Seiko active on all fronts

But let’s not get ahead of ourselves. Quartz watches were all the rage in 1990 when Seiko released the first ever connected watch, the Seiko Receptor, which used telecom technology of the day to operate a paging function. At the same time, the Japanese firm was working on watches that would measure time with 1/100th of a second precision. In 1992 Calibre 7T59 became the first analogue (with hands) 1/100s quartz chronograph. Seiko followed this six years later with the first thermoelectric movement (powered by body heat) and the first electronic perpetual calendar (Premier Perpetual). When Seiko’s groundbreaking Spring Drive technology debuted in 1997, it was the culmination of an idea outlined twenty years early and patented in 1982. This hybrid calibre combines a mechanical barrel and geartrain with a rotating escapement. This escapement is electromagnetically regulated (like the electromagnetic retarder or induction brake on a truck) by an integrated circuit and a quartz crystal.
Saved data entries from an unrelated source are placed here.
Lemma straddling_2matchingsE E B : B \subset E ->
  straddling is_2matching E B = [set [set p.1; p.2] | p in disjoint_pairs E B].
Proof.
move=> sBE; apply/setP => P; rewrite inE; apply/idP/imsetP.
- case/and4P => sPE /existsP [e1 /existsP [e2 /andP [/andP [/eqP dP _] dis]]] nB nR.
  have [e1E e2E] : e1 \in E /\ e2 \in E by rewrite !(subsetP sPE) // dP (set21, set22).
  case e1B: (e1 \in B).
  + have e2R : e2 \in E :\: B.
      rewrite inE e2E andbT; apply: contra nB => e2B.
      by apply/subsetP => f; rewrite dP => /set2P [] ->.
    exists (e2, e1); last by rewrite dP setUC.
    by rewrite inE /= e2R e1B dis.
  + have e2B : e2 \in B.
      apply: contraNT nR => e2B; apply/subsetP => f; rewrite dP => /set2P [] ->;
        by rewrite inE ?e1B ?e1E ?e2E ?e2B.
    exists (e1, e2) => //.
    by rewrite !inE /= e1B e1E e2B disjoint_sym dis.
- case=> -[e f]; rewrite inE /= => /and3P [eR fB dis] ->.
  have /setDP [eE eNB] := eR.
  apply/and4P; split.
  + by apply/subsetP => g /set2P [] ->; rewrite ?eE ?(subsetP sBE f fB).
  + apply/existsP; exists e; apply/existsP; exists f; rewrite eqxx disjoint_sym dis andbT.
    by apply: contraNneq eNB => ->.
  + by apply/subsetP => /(_ e (set21 _ _)); apply/negP.
  + by apply/subsetP => /(_ f (set22 _ _)); rewrite inE fB.
Qed.

Lemma card_straddling_2matchings E B : B \subset E ->
  #|straddling is_2matching E B| = \sum_(e in E :\: B) eps_del B e.
Proof.
move=> sBE; rewrite sum_eps_del straddling_2matchingsE //.
apply: card_in_imset => -[a b] [c d]; rewrite !inE /=.
move=> /and3P [/andP [aNB _] bB _] /and3P [/andP [cNB _] dB _] eq_ab_cd.
have /set2P [ac | ad] : a \in [set c; d] by rewrite -eq_ab_cd set21.
- have /set2P [bc | bd] : b \in [set c; d] by rewrite -eq_ab_cd set22.
  + by move: bB; rewrite bc (negbTE cNB).
  + by rewrite ac bd.
- by move: aNB; rewrite ad dB.
Qed.

Lemma num_2matchings_split E B : B \subset E ->
  num_2matchings E =
    num_2matchings B + num_2matchings (E :\: B) + \sum_(e in E :\: B) eps_del B e.
Proof.
move=> sBE; rewrite -card_straddling_2matchings //.
apply: (card_subgraphs_split sBE) => P.
case/existsP=> e1 /existsP [e2 /andP [/andP [/eqP -> _] _]].
by apply/set0Pn; exists e1; rewrite set21.
Qed.

End Straddling.

Section Squares.
Variables (T : finType) (E B : {set {set T}}) (U : {set T}).
Hypotheses (E_simple : simple_graph E) (sBE : B \subset E)
  (B_cross : forall e, e \in B -> #|e :&: U| = 1)
  (rest_in_U : vertices (E :\: B) \subset U).

Lemma rest_edge_in_U e v : e \in E :\: B -> v \in e -> v \in U.
Proof. by move=> eR ve; apply: (subsetP rest_in_U); apply/bigcupP; exists e. Qed.

Lemma B_edge_cross x y : x != y -> [set x; y] \in B -> (x \in U) != (y \in U).
Proof.
move=> xy /B_cross; case xU: (x \in U); case yU: (y \in U) => //=.
- by rewrite (setIidPl _) ?cards2 ?xy //; apply/subsetP => v /set2P [] ->.
- rewrite (disjoint_setI0 _) ?cards0 // disjoints_subset.
  by apply/subsetP => v /set2P [] ->; rewrite inE ?xU ?yU.
Qed.

Lemma edge_in_rest x y : x != y -> [set x; y] \in E -> x \in U -> y \in U ->
  [set x; y] \in E :\: B.
Proof.
move=> xy xyE xU yU; rewrite inE xyE andbT.
by apply: contraTN isT => /(B_edge_cross xy); rewrite xU yU.
Qed.

Lemma edge_in_B x y : [set x; y] \in E -> x \notin U -> [set x; y] \in B.
Proof.
move=> xyE; apply: contraNT => xyB.
by apply: (rest_edge_in_U _ (set21 x y)); rewrite inE xyB xyE.
Qed.

Lemma edge_outside_U (P : {set {set T}}) : P \subset E -> ~~ (P \subset E :\: B) ->
  exists2 v, v \in vertices P & v \notin U.
Proof.
move=> sPE; case/subsetPn => f fP fNR.
have fB : f \in B by move: fNR; rewrite inE (subsetP sPE f fP) andbT negbK.
have [v vf vU] : exists2 v, v \in f & v \notin U.
  apply/exists_inP; rewrite -negb_forall_in; apply: contraTN isT => /forall_inP /subsetP fU.
  by have := B_cross fB; rewrite (setIidPl fU) (E_simple (subsetP sBE f fB)).
by exists v => //; apply/bigcupP; exists f.
Qed.

(* t = (ep, eq, w) encodes a term of the n_W-sum: adjacent edges ep, eq of the
   rest, listed once thanks to the enum_rank order, and a vertex w outside U
   joined to the free ends of both. *)
Definition corner (t : {set T} * {set T} * T) : bool :=
  [&& t.1.1 \in E :\: B, t.1.2 \in E :\: B,
      (enum_rank t.1.1 < enum_rank t.1.2)%N & adjacent_edges t.1.1 t.1.2]
  && [&& t.2 \in ~: U, [forall xp in t.1.1 :\: t.1.2, [set t.2; xp] \in E]
       & [forall xq in t.1.2 :\: t.1.1, [set t.2; xq] \in E]].

Lemma sum_nW_card_corners :
  (\sum_(ep in E :\: B)
     \sum_(eq in E :\: B | (enum_rank ep < enum_rank eq)%N && adjacent_edges ep eq)
       nW E (~: U) ep eq)%N = #|[set t | corner t]|.
Proof.
rewrite pair_big_dep.
transitivity (\sum_(p | [&& p.1 \in E :\: B, p.2 \in E :\: B,
                          (enum_rank p.1 < enum_rank p.2)%N & adjacent_edges p.1 p.2])
   \sum_(w | [&& w \in ~: U, [forall xp in p.1 :\: p.2, [set w; xp] \in E]
               & [forall xq in p.2 :\: p.1, [set w; xq] \in E]]) 1)%N.
  by apply: eq_bigr => p _; rewrite /nW -sum1_card; apply: eq_bigl => w; rewrite inE.
by rewrite pair_big_dep sum1dep_card.
Qed.

Definition square_of (t : {set T} * {set T} * T) : {set {set T}} :=
  [set t.1.1; t.1.2] :|: [set t.2 |: (t.1.1 :\: t.1.2); t.2 |: (t.1.2 :\: t.1.1)].

Lemma square_ofC ep eq w : square_of (ep, eq, w) = square_of (eq, ep, w).
Proof. by rewrite /square_of /=; congr (_ :|: _); apply: setUC. Qed.

Lemma square_of_path x y z w : y != x -> x != z -> y != z ->
  square_of ([set y; x], [set x; z], w) = cycle4 y x z w.
Proof.
move=> yx xz yz; rewrite /square_of /=; have [-> ->] := setD_path2 yx xz yz.
rewrite /cycle4 [[set z; w]]setUC; apply/setP => e; rewrite !inE.
by rewrite -!orbA; do 2 congr (_ || _); apply: orbC.
Qed.

Lemma cornerP t : corner t -> exists x y z,
  [/\ [/\ y != x, x != z & y != z], [/\ x \in U, y \in U, z \in U & t.2 \notin U] &
      [/\ t.1 = ([set y; x], [set x; z]), square_of t = cycle4 y x z t.2,
          [set t.2; y] \in E & [set t.2; z] \in E]].
Proof.
case: t => [[ep eq] w]; rewrite /corner /=.
case/andP=> [/and4P [epR eqR _ adj] /and3P [wU /forallP wy /forallP wz]].
have [[epE _] [eqE _]] := (setDP epR, setDP eqR).
have [x [y [z [yx xz yz dep deq]]]] := adjacent_edgesP (E_simple epE) (E_simple eqE) adj.
have [ep_eq eq_ep] : ep :\: eq = [set y] /\ eq :\: ep = [set z].
  by rewrite dep deq; apply: setD_path2.
have U_vertices : [/\ x \in U, y \in U, z \in U & w \notin U].
  split; last by rewrite inE in wU.
  - by apply: (rest_edge_in_U epR); rewrite dep set22.
  - by apply: (rest_edge_in_U epR); rewrite dep set21.
  - by apply: (rest_edge_in_U eqR); rewrite deq set22.
exists x, y, z; split=> //; split; rewrite ?dep ?deq ?square_of_path //.
- by have := wy y; rewrite ep_eq set11.
- by have := wz z; rewrite eq_ep set11.
Qed.

Lemma corner_of_path x y z w : y != x -> x != z -> y != z -> w \notin U ->
  [set y; x] \in E :\: B -> [set x; z] \in E :\: B -> [set z; w] \in E -> [set w; y] \in E ->
  exists2 t, corner t & square_of t = cycle4 y x z w.
Proof.
move=> yx xz yz wU yxR xzR zwE wyE.
have [yx_xz xz_yx] := setD_path2 yx xz yz.
have adj : adjacent_edges [set y; x] [set x; z].
  rewrite /adjacent_edges -setI_eq0; apply/andP; split.
    by apply: contraNneq yz => eq_yx_xz; move: (set21 y x); rewrite eq_yx_xz !inE (negbTE yx).
  by apply/set0Pn; exists x; rewrite !inE !eqxx orbT.
have joins_y : [forall v in [set y], [set w; v] \in E].
  by apply/forallP => v; apply/implyP => /set1P ->.
have joins_z : [forall v in [set z], [set w; v] \in E].
  by apply/forallP => v; apply/implyP => /set1P ->; rewrite setUC.
have wNU : w \in ~: U by rewrite inE.
case: (ltngtP (enum_rank [set y; x]) (enum_rank [set x; z]))
  => [lt | gt | /val_inj/enum_rank_inj eq].
- exists ([set y; x], [set x; z], w); last exact: square_of_path.
  by rewrite /corner /= yxR xzR lt adj wNU yx_xz xz_yx joins_y joins_z.
- exists ([set x; z], [set y; x], w); last by rewrite square_ofC square_of_path.
  by rewrite /corner /= yxR xzR gt adjacent_edgesC adj wNU yx_xz xz_yx joins_y joins_z.
- by move: adj; rewrite /adjacent_edges eq eqxx.
Qed.

(* The vertex d outside U forces its neighbours a, c into U; b is in U too,
   since otherwise all four edges would cross and the cycle would lie in B. *)
Lemma cycle4_corner a b c d : uniq [:: a; b; c; d] -> d \notin U ->
  cycle4 a b c d \subset E -> ~~ (cycle4 a b c d \subset B) ->
  exists2 t, corner t & square_of t = cycle4 a b c d.
Proof.
rewrite /= !inE !negb_or => /and4P [/and3P [ab ac ad] /andP [bc bd] cd _] dU.
have [da dc] : d != a /\ d != c by rewrite ![d == _]eq_sym.
rewrite /cycle4 !subUset !sub1set => /andP [/andP [/andP [abE bcE] cdE] daE] notB.
have dcB : [set d; c] \in B by apply: edge_in_B; rewrite // setUC.
have daB : [set d; a] \in B by apply: edge_in_B.
have cU : c \in U.
  by have := B_edge_cross dc dcB; rewrite (negbTE dU); case: (c \in U).
have aU : a \in U.
  by have := B_edge_cross da daB; rewrite (negbTE dU); case: (a \in U).
have bU : b \in U.
  apply: contraNT notB => bU; rewrite [[set c; d]]setUC daB dcB !andbT.
  by rewrite [[set a; b]]setUC !edge_in_B // setUC.
by apply: corner_of_path; rewrite ?edge_in_rest.
Qed.

Lemma straddling_4cycle_corner P : P \in straddling (@is_4cycle T) E B ->
  exists2 t, corner t & P = square_of t.
Proof.
rewrite inE => /and4P [sPE c4 notB notR].
case/existsP: c4 => a /existsP [b /existsP [c /existsP [d /andP [un /eqP dP]]]].
rewrite -/(cycle4 a b c d) in dP.
have rotated a' b' c' d' : uniq [:: a'; b'; c'; d'] -> d' \notin U ->
    P = cycle4 a' b' c' d' -> exists2 t, corner t & P = square_of t.
  move=> un' dU' eP; rewrite eP in notB sPE *.
  by have [t ct <-] := cycle4_corner un' dU' sPE notB; exists t.
have [v /bigcupP [f fP vf] vU] := edge_outside_U sPE notR.
have : v \in [set a; b; c; d].
  move: fP vf; rewrite dP !inE -!orbA.
  by case/or4P => /eqP -> /set2P [] ->; rewrite !eqxx ?orbT.
rewrite !inE -!orbA => /or4P [] /eqP vE; rewrite vE in vU.
- apply: (rotated b c d a) => //; first by rewrite -(rot_uniq 1) in un.
  by rewrite dP cycle4_rot.
- apply: (rotated c d a b) => //; first by rewrite -(rot_uniq 2) in un.
  by rewrite dP 2!cycle4_rot.
- apply: (rotated d a b c) => //; first by rewrite -(rot_uniq 3) in un.
  by rewrite dP 3!cycle4_rot.
- exact: rotated un vU dP.
Qed.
Almost as soon as micro-Bluetooth systems appeared in 2010, Seiko combined this technology with GPS in a watch.

This ultra-precise Tri-synchro regulator adjusts to the slightest acceleration or deceleration caused by shocks or sudden movements to obtain a stable reference value – the guarantee for this game-changing mechanical watch of a level of precision almost identical to that of a quartz movement. An automatic version was made public at the Baselworld fair in 2005 and officially launched later the same year at the Musée d’Orsay in Paris. Since then Seiko has introduced innovative quartz watches on a regular basis. Almost as soon as micro-Bluetooth technology appeared in 2010, the Japanese brand used it for the Astron GPS Solar, which connects to the GPS network to display the exact time in the wearer’s time zone without any outside adjustment.

Connected future

Since 2012 and the introduction of microscopic systems capable of connecting multiple electronic devices, cellphone manufacturers have been turning their attention to wristwatches that, as well as displaying the time, read and transfer data from a mobile phone. Some of these smartwatches are standalone, hence fully autonomous. They operate via an electronic system to relay information from a smartphone to apps such as a fitness tracker. These watches are powered by a conventional quartz calibre that incorporate various sensors and a Bluetooth connection. Others are unable to operate autonomously, making them effectively a wrist-borne extension of the user’s phone.

With sales estimated at 20 million watches in 2018, Apple has shown that smartwatches are becoming a credible alternative to all-mechanical.

Successive generations of smartwatch have followed since the introduction of the first connected watch in 2012 and the first Apple Watch in 2014. The Swiss launched their offensive with the first “horological smartwatch”, the TAG Heuer Connected, in 2015. Also that year, the Geneva-based watch brand Frederique Constant presented its Horological Smartwatch, the first analogue quartz watch to include smart features. In January 2018, following its takeover by Citizen, the same Frederique Constant introduced a new generation of connected watches, this time driven by a classic automatic movement. The integration of increasingly miniaturised components suggests more hybrid developments in watchmaking to come. With sales estimated at 20 million watches in 2018, Apple has shown that design-sharp tech products are becoming a credible alternative to all-mechanical. Which doesn’t prevent fans of classic timepieces from wearing the watch that best suits them.